By Nicholas Waitathu

Kenya: At a Kenya @50 coffee forum in Ruiru last week, the Government expressed concern about the decline in production of the cash crop, saying it is contributing to low prices.

Agriculture Principal Secretary Sicily Kariuki said the trend is worrying, especially since coffee is already facing quality challenges and stiff competition from other enterprises that could see it drop from being the fourth-largest contributor to the country’s foreign exchange earnings. 

And while that may be the case, it is not going to be easy to convince farmers to increase the acreage under coffee.

Newton Nderitu and Daniel Wachira are small-scale coffee farmers in Nyeri County. Three years ago, they received impressive earnings after the crop performed well in the international market.

In the 2010/11 coffee production year, Mr Wachira of Baricho Farmers Cooperative Society earned Sh1.6 million from selling the berries from his 13,000 coffee bushes at Sh130 per kilogramme.

The same year, Mr Nderitu of Othaya Farmers Cooperative Society sold his berries at Sh84 per kilogramme, and was not complaining.

“But the boom was not sustainable. The following year [2012/13], the average price declined to Sh50 per kilogramme,” said Nderitu.

In 2010/11, the two farmers cashed in on high demand for fine Arabica coffee, which Kenya is famed for. They also benefited from the depreciation of the shilling against major currencies and the emergence of specialty markets in Europe and USA.

Other factors said to have contributed to the impressive prices that year included an expansion to new markets such as Russia, and changing consumption patterns in competing countries such as Ethiopia, Brazil, India and Mexico that became new consumers of coffee, reducing the amount of the berry that got to international markets.

According to data from the Coffee Board of Kenya, the average price of coffee reached Sh27,864 per 50-kilogramme bag in 2010/11, which works out to Sh557 per kilo. However, this declined to Sh18,920 per bag, or Sh378 per kilo, in 2011/12.

It went down further in 2012/13 to Sh14,620 per bag, or Sh292 per kilo.

Coffee Board’s acting managing director Isabella Nkonge, speaking last week at a separate coffee forum at the Strathmore Business School, Nairobi, said coffee production over the last decade has oscillated between 35,000 metric tonnes and 50,000 metric tonnes. Over the same period, foreign exchange earnings from the crop have ranged between Sh15 billion and Sh30 billion. 

Ms Kariuki believes the country has the potential to produce up to 350,000 metric tonnes, but said this would only happen if all stakeholders in the sector teamed up.

Already, the ministry of Agriculture has promised to boost value addition initiatives in the counties, which is expected to increase farmers’ earnings.

But there are fears that the decline in coffee prices will continue to be experienced, with the global market expecting a commodity glut this production year following a  bumper harvest in Brazil.

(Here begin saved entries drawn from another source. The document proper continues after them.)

Definition finitely_presented (M : magma) : Prop :=
  exists (A : Type) (R : relation (free_magma A)),
    inhabited A /\ finite_type A /\ finite_rel R /\ isomorphic M (presented R).

From Stdlib Require Import List Wf_nat ClassicalEpsilon.
From Stdlib Require Import FunctionalExtensionality PropExtensionality ProofIrrelevance.
Import ListNotations.

(* Part (1) holds because E(phi) is a quotient by a closed congruence.
   For (2), let theta be the closed congruence generated by a finite R on M_A and S the finite
   set of letters and subterms of relators. Call a class k meeting S decomposable when
   k = l + r modulo theta with l, r meeting S; closedness makes l and r unique, so this defines a
   finite graph on classes. Cut it at a minimal set G of vertices leaving it well-founded: the new
   generators B are the classes in G and the indecomposable ones, every class unfolds into a
   unique word over B, and phi b is the unfolding of the components of b (or b itself).
   Minimality of G forces b to occur in phi b, and unfolding and evaluation are substitutions
   inverse to each other modulo the relations, hence give an isomorphism <A | R> = E(phi). *)

Section ClosedCongruence.
Context {M : magma} {X : relation M}.

Lemma boxminus_closed_congruence : is_closed_congruence (boxminus X).
Proof.
  split; [split; [split; [|split]|]|].
  - intros x t [[[Hrefl _] _] _] _; apply Hrefl.
  - intros x y Hxy t Ht HX; apply (proj1 (proj2 (proj1 (proj1 Ht)))), Hxy; assumption.
  - intros x y z Hxy Hyz t Ht HX.
    apply (proj2 (proj2 (proj1 (proj1 Ht)))) with y; [apply Hxy | apply Hyz]; assumption.
  - intros x y x' y' Hxy Hxy' t Ht HX.
    apply (proj2 (proj1 Ht)); [apply Hxy | apply Hxy']; assumption.
  - intros x y x' y' H; split; intros t Ht HX; apply (proj2 Ht _ _ _ _ (H t Ht HX)).
Qed.

Lemma boxminus_incl {p q} : X p q -> boxminus X p q.
Proof. intros H t _ HX; apply HX, H. Qed.

Lemma boxminus_least (t : relation M) :
  is_closed_congruence t -> (forall p q, X p q -> t p q) ->
  forall x y, boxminus X x y -> t x y.
Proof. intros Ht HX x y H; apply H; assumption. Qed.
Lemma transport_perm_edge_preserving : edge_preserving transport_perm.
Proof.
apply/edge_preservingP => u v /fparentP [v1 [c path_v]]; rewrite !permE.
apply/and3P; rewrite !fpath_transport_fvert /transport_path /= v1 !size_transport path_v.
by rewrite take_transport size_rcons -cats1 take_size_cat.
Qed.

Lemma transport_perm_labels u : flabel G u = flabel H (transport_perm u).
Proof.
rewrite permE; apply: (flabel_eq_of_colour (t := L - flevel u)).
have /transport_colour : omap (wl G L) (Some u.1) = omap (wl H L) (Some (sigma u.1)).
  by rewrite /= colours_match.
by move=> /(_ _ (flevel_le u)).
Qed.

End ForestIsomorphismFromColours.

Lemma wl_indist_forestP L G H : valid_graph G -> valid_graph H ->
  wl_indist c0 relabel L G H <->
  exists2 phi : {perm fvert n L}, edge_preserving phi & forall u, flabel G u = flabel H (phi u).
Proof.
move=> vG vH; split => [/perm_eq_ordP [sigma colours_match] | [phi ep same_labels]].
  exists (transport_perm G H L sigma).
    exact: transport_perm_edge_preserving.
  exact: transport_perm_labels.
by apply/perm_eq_ordP; apply: (wl_colours_match vG vH ep same_labels).
Qed.

End Refinement.

Unset Implicit Arguments. Set Strict Implicit.

Theorem mainTheorem3 (R : realType) (n d : nat) (w : nat -> R)
    (hw : forall l, 0 < w l) (L : nat) :
  (forall G : agraph R n d, valid_graph G -> FD L w G G = 0) /\
  (forall G H : agraph R n d, valid_graph G -> valid_graph H ->
     FD L w G H = FD L w H G) /\
  (forall G H K : agraph R n d, valid_graph G -> valid_graph H -> valid_graph K ->
     FD L w G K <= FD L w G H + FD L w H K) /\
  (forall (C : eqType) (c0 : 'rV[R]_d -> C) (relabel : C -> seq C -> C),
     injective c0 -> relabel_injective relabel ->
     forall G H : agraph R n d, valid_graph G -> valid_graph H ->
       FD L w G H = 0 <-> wl_indist c0 relabel L G H).
Proof.
have w_ge0 l : 0 <= w l by apply: ltW.
split; first by move=> G _; apply: (FD_refl L w_ge0).
split; first by move=> G H _ _; apply: FD_sym.
split; first by move=> G H K _ _ _; apply: (FD_triangle L w_ge0).
move=> C c0 relabel c0_inj relabel_inj G H vG vH.
rewrite (FD_eq0P L hw).
exact: iff_sym (wl_indist_forestP c0_inj relabel_inj L vG vH).
Qed.
Lemma zp_is_pos_sound p t : zp_is_pos p = true -> 0 < t -> 0 < zp_eval p t.
Proof.
  unfold zp_is_pos; induction p as [|c p IH]; simpl; [discriminate|].
  intros H Ht. apply andb_prop in H as [Hnn Hex]. apply andb_prop in Hnn as [Hc Hp].
  apply Zle_bool_imp_le, IZR_le in Hc.
  apply orb_prop in Hex as [Hc'|Hex].
  - apply Z.ltb_lt, IZR_lt in Hc'.
    pose proof (zp_nonneg_sound p t Hp (Rlt_le _ _ Ht)). nra.
  - assert (0 < zp_eval p t) by (apply IH; [rewrite Hp, Hex|]; auto). nra.
Qed.

Fixpoint pos_cert (fuel : nat) (E : expoly) : bool :=
  match fuel, E with
  | O, _ | _, nil => false
  | S f, p :: E' =>
      if ep_is_zero E' then zp_is_pos p
      else if zp_is_zero p then pos_cert f E'
      else Z.leb 0 (ep_at0 E) && pos_cert f (ep_deriv E)
  end.

Lemma pos_cert_sound fuel E : pos_cert fuel E = true -> forall t, 0 < t -> 0 < ep_eval E t.
Proof.
  revert E; induction fuel as [|f IH]; intros [|p E']; cbn [pos_cert]; try discriminate.
  destruct (ep_is_zero E') eqn:HE'; [|destruct (zp_is_zero p) eqn:Hp].
  - intros H t Ht; simpl. rewrite (ep_is_zero_sound E' t HE').
    pose proof (zp_is_pos_sound p t H Ht). lra.
  - intros H t Ht; simpl. rewrite (zp_is_zero_sound p t Hp).
    pose proof (IH E' H t Ht). pose proof (exp_pos t). nra.
  - intros H. apply andb_prop in H as [H0 Hd]. apply Zle_bool_imp_le, IZR_le in H0.
    apply (pos_of_deriv_pos _ (ep_eval (ep_deriv (p :: E')))).
    + intros; apply ep_eval_deriv.
    + rewrite ep_eval_0; exact H0.
    + apply IH; exact Hd.
Qed.
(* Let $n,k,t$ be positive integers with $k<n$ and $t\ge 4$, let $q$ be a prime power and $\mathcal{D}$ the Desarguesian $(t-1)$-spread of $\mathrm{PG}(nt-1,q)$. Let $\nu$ be a $\mathcal{D}_{n-k-1}$-subspace, $\Pi$ an $(nt-kt+1)$-dimensional subspace containing $\nu$ such that the points of $\mathcal{B}(\Pi)$ span an $(n-k+1)$-dimensional subspace of $\mathrm{PG}(n-1,q^t)$, $\Omega$ an $(nt-kt-2)$-dimensional subspace of $\Pi$ meeting $\nu$ in an $(nt-kt-4)$-dimensional subspace, $\Gamma$ a plane of $\Pi$ skew from $\Omega$, $\bar{B}$ a minimal blocking set of $\Gamma$ disjoint from $\nu$, and $K$ the cone with vertex $\Omega$ and base $\bar{B}$. Then $$|\mathcal{B}(K)|=|\bar{B}|(q^{nt-kt-1}-q^{nt-kt-3})+q^{nt-kt-2}+q^{nt-kt-3}+\epsilon$$ for some integer $\epsilon\ge 1$.
   Context: Field reduction: each point of $\mathrm{PG}(n-1,q^t)$ corresponds to a $(t-1)$-dimensional subspace of $\mathrm{PG}(nt-1,q)$; these form the Desarguesian $(t-1)$-spread $\mathcal{D}$. A $\mathcal{D}_{r-1}$-subspace is an $(rt-1)$-dimensional subspace spanned by elements of $\mathcal{D}$. For $U\subseteq\mathrm{PG}(nt-1,q)$, $\mathcal{B}(U)$ is the set of elements of $\mathcal{D}$ meeting $U$, identified with points of $\mathrm{PG}(n-1,q^t)$. The cone with vertex $\Omega$ and base $\bar{B}$ is $\bigcup_{P\in\bar B}\langle P,\Omega\rangle$. A minimal blocking set of a plane is a point set meeting every line, no proper subset of which does so. *)

(* Field reduction model:
   GF(q^t) = L (a finite field with #|L| = q^t), GF(q) = {x in L | x^q = x},
   V(n, q^t) = 'rV[L]_n, viewed as an (nt)-dimensional GF(q)-space.
   Projective subspaces of PG(nt-1,q) = GF(q)-subspaces of V (as vector sets);
   elements of the Desarguesian spread = 1-dim L-subspaces of V. *)
From mathcomp Require Import all_boot all_order all_algebra.
Set Implicit Arguments. Unset Strict Implicit. Unset Printing Implicit Defensive.
Import GRing.Theory.
Local Open Scope ring_scope.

Brazil, according to an International Coffee Organization (ICO) report, will produce a record crop of 49.15 million bags, though there are mixed prospects in other major exporting countries.

The report further notes that coffee prices have fallen consistently over the course of 2013, with decreases recorded in nine out of 12 months.

Kariuki said Kenya is likely to be further disadvantaged in the international market as national average coffee production per tree remains at a low two kilos per year, despite potential productivity of 30kgs. 

According to the Coffee Board, at independence, production per coffee bush averaged 5kgs, with production later increasing to 10 gs in the 1980s.

Today, farmers in Kisii average a harvest of 1.16kgs per tree, while in Nyeri, growers on average produce 1.93kgs, with 3.84kgs generated in Trans Nzoia. In Kakamega, the situation is worse as farmers produce 0.12kgs per tree.

“As new coffee frontiers emerge, consideration needs to be concentrated on boosting output per tree,” agricultural economist Kennedy Gitonga said.

North Rift, Nyanza and western Kenya have emerged as the new coffee-growing areas, as traditional regions give way to more profitable options like real estate and horticulture.